#### [What you should do]
Search the data below for the line containing "by rewrite lNks !(orbT, orTb).", then please set down that line and all remaining ones exactly as written.

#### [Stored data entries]
%%
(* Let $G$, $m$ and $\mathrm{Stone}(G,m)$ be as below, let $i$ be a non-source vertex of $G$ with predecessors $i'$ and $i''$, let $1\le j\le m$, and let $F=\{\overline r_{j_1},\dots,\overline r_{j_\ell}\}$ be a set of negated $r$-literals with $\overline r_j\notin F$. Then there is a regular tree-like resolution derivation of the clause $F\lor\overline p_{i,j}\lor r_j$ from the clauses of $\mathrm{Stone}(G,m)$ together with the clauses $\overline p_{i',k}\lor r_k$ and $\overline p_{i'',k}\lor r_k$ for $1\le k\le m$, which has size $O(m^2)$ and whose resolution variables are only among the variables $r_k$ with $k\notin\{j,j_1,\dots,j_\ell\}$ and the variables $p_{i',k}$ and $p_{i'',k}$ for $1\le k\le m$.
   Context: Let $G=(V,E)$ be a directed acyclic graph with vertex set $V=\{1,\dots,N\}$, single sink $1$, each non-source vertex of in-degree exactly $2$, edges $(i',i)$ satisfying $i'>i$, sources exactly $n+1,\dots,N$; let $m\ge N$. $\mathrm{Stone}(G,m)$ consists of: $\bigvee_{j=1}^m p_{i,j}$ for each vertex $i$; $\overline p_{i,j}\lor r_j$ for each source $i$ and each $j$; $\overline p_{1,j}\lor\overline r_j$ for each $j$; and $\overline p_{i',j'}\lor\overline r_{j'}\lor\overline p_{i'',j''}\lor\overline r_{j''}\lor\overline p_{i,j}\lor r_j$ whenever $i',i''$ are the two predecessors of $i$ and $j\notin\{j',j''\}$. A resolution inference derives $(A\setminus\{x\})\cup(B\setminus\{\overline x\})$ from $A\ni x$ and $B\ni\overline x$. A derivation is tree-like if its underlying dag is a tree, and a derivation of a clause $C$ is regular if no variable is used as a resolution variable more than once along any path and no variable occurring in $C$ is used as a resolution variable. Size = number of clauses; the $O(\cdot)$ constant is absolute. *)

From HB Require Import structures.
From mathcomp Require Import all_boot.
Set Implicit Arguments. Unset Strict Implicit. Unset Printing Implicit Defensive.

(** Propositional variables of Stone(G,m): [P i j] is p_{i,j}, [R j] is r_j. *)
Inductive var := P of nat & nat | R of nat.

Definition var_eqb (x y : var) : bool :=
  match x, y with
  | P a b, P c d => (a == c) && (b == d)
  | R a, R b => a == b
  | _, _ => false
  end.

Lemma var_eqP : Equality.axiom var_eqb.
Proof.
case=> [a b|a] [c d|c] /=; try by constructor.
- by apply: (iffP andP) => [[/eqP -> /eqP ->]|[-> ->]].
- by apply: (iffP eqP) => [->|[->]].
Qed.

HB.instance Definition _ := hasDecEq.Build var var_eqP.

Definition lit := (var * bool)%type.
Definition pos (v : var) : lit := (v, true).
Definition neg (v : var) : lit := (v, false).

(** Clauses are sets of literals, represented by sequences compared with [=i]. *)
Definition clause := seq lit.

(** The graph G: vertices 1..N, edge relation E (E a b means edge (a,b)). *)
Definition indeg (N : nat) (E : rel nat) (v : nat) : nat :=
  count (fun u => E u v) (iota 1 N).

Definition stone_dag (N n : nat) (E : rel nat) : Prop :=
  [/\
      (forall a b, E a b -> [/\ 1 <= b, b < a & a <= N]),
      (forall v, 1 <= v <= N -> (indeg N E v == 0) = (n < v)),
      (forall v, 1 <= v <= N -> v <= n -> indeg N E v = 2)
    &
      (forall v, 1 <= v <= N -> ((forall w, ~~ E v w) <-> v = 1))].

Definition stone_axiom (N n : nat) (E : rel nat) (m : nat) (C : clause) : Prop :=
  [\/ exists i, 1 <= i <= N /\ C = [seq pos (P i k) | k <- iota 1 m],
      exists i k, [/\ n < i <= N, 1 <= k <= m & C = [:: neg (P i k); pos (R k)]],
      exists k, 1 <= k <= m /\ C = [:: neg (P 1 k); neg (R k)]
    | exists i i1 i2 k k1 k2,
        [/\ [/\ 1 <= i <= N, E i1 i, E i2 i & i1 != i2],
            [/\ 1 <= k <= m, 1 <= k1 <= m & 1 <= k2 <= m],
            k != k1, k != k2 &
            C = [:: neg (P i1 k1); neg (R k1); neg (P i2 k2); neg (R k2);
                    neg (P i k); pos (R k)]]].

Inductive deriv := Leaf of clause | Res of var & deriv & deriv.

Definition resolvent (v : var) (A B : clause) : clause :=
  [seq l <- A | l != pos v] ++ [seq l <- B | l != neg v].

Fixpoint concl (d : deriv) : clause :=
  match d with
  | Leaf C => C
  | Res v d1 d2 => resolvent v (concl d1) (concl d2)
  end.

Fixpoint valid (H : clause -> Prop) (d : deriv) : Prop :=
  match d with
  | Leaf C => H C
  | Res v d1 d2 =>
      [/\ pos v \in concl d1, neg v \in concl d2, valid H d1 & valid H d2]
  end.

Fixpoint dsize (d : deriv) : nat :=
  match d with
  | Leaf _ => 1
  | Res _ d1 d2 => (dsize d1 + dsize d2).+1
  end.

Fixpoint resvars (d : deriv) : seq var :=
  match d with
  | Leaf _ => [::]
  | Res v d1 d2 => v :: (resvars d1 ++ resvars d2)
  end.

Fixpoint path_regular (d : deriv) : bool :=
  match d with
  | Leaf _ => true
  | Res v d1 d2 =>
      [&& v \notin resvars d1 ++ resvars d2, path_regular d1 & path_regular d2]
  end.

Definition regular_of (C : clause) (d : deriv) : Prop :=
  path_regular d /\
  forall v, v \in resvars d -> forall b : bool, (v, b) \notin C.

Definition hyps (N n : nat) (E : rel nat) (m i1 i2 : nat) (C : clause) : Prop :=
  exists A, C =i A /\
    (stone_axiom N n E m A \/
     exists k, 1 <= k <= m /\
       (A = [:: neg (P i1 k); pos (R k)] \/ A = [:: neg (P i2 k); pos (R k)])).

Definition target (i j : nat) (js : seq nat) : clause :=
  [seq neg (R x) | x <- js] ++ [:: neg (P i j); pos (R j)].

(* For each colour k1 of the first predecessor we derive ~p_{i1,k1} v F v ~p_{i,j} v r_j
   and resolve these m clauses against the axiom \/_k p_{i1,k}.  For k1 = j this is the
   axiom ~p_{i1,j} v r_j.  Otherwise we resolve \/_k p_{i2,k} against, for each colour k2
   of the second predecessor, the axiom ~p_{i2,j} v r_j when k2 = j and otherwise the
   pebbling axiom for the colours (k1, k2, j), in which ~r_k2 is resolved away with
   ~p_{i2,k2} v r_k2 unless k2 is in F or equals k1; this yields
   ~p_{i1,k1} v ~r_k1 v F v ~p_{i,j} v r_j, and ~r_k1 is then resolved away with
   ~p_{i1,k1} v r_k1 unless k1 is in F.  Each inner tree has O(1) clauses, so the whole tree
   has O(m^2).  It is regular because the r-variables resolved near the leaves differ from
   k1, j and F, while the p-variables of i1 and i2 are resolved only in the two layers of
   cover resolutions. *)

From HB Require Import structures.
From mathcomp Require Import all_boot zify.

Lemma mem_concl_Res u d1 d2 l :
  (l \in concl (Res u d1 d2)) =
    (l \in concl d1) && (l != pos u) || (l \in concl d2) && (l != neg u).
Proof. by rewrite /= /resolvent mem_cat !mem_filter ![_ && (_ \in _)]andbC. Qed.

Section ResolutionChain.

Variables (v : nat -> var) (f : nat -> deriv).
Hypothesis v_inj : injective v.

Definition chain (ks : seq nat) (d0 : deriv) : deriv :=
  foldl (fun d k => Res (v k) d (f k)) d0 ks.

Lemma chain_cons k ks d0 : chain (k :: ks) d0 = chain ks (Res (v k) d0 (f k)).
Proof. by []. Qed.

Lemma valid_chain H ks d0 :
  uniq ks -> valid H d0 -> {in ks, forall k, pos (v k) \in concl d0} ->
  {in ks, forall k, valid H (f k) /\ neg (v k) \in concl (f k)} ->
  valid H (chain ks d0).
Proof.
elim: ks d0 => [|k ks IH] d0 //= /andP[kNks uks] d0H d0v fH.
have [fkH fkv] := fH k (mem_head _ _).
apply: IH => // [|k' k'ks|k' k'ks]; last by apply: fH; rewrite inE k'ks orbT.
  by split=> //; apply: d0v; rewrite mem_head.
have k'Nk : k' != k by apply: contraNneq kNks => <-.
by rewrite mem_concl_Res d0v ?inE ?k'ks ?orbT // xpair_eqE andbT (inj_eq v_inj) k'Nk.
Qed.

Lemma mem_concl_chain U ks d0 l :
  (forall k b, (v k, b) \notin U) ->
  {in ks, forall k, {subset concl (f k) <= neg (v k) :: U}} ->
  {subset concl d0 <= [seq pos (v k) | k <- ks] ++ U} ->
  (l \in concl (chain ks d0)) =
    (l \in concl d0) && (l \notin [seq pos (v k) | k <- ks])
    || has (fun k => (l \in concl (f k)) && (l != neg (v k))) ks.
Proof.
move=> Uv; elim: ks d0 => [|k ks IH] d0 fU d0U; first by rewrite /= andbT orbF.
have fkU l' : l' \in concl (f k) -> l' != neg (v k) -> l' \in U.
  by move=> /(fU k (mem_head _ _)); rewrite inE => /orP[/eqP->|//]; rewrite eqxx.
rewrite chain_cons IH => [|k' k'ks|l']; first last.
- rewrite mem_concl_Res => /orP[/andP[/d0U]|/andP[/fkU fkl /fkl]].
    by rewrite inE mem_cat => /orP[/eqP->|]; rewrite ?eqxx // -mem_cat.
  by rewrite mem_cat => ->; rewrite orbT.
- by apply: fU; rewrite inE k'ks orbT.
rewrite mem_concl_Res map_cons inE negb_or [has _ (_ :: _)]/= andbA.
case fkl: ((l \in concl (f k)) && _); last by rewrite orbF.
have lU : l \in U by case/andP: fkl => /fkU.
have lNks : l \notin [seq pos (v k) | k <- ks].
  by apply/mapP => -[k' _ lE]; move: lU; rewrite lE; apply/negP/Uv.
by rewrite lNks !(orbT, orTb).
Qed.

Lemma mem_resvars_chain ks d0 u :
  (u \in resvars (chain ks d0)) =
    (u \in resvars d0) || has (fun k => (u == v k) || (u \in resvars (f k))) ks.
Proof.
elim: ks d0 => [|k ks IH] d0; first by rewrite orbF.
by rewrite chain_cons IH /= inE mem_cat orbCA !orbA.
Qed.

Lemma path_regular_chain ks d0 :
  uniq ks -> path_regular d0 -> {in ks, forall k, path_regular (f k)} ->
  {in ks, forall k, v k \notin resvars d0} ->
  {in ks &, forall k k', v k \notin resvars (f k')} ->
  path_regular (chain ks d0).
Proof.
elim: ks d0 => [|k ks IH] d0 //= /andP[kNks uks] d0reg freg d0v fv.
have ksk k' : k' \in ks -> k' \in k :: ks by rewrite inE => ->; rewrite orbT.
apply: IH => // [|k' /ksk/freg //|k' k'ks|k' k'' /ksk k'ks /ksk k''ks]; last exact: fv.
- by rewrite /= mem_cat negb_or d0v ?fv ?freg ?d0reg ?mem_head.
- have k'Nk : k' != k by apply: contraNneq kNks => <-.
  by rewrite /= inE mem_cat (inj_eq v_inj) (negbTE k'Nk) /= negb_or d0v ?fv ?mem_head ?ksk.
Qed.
%%
#### [Task output]
by rewrite lNks !(orbT, orTb).
Qed.

Lemma mem_resvars_chain ks d0 u :
  (u \in resvars (chain ks d0)) =
    (u \in resvars d0) || has (fun k => (u == v k) || (u \in resvars (f k))) ks.
Proof.
elim: ks d0 => [|k ks IH] d0; first by rewrite orbF.
by rewrite chain_cons IH /= inE mem_cat orbCA !orbA.
Qed.

Lemma path_regular_chain ks d0 :
  uniq ks -> path_regular d0 -> {in ks, forall k, path_regular (f k)} ->
  {in ks, forall k, v k \notin resvars d0} ->
  {in ks &, forall k k', v k \notin resvars (f k')} ->
  path_regular (chain ks d0).
Proof.
elim: ks d0 => [|k ks IH] d0 //= /andP[kNks uks] d0reg freg d0v fv.
have ksk k' : k' \in ks -> k' \in k :: ks by rewrite inE => ->; rewrite orbT.
apply: IH => // [|k' /ksk/freg //|k' k'ks|k' k'' /ksk k'ks /ksk k''ks]; last exact: fv.
- by rewrite /= mem_cat negb_or d0v ?fv ?freg ?d0reg ?mem_head.
- have k'Nk : k' != k by apply: contraNneq kNks => <-.
  by rewrite /= inE mem_cat (inj_eq v_inj) (negbTE k'Nk) /= negb_or d0v ?fv ?mem_head ?ksk.
Qed.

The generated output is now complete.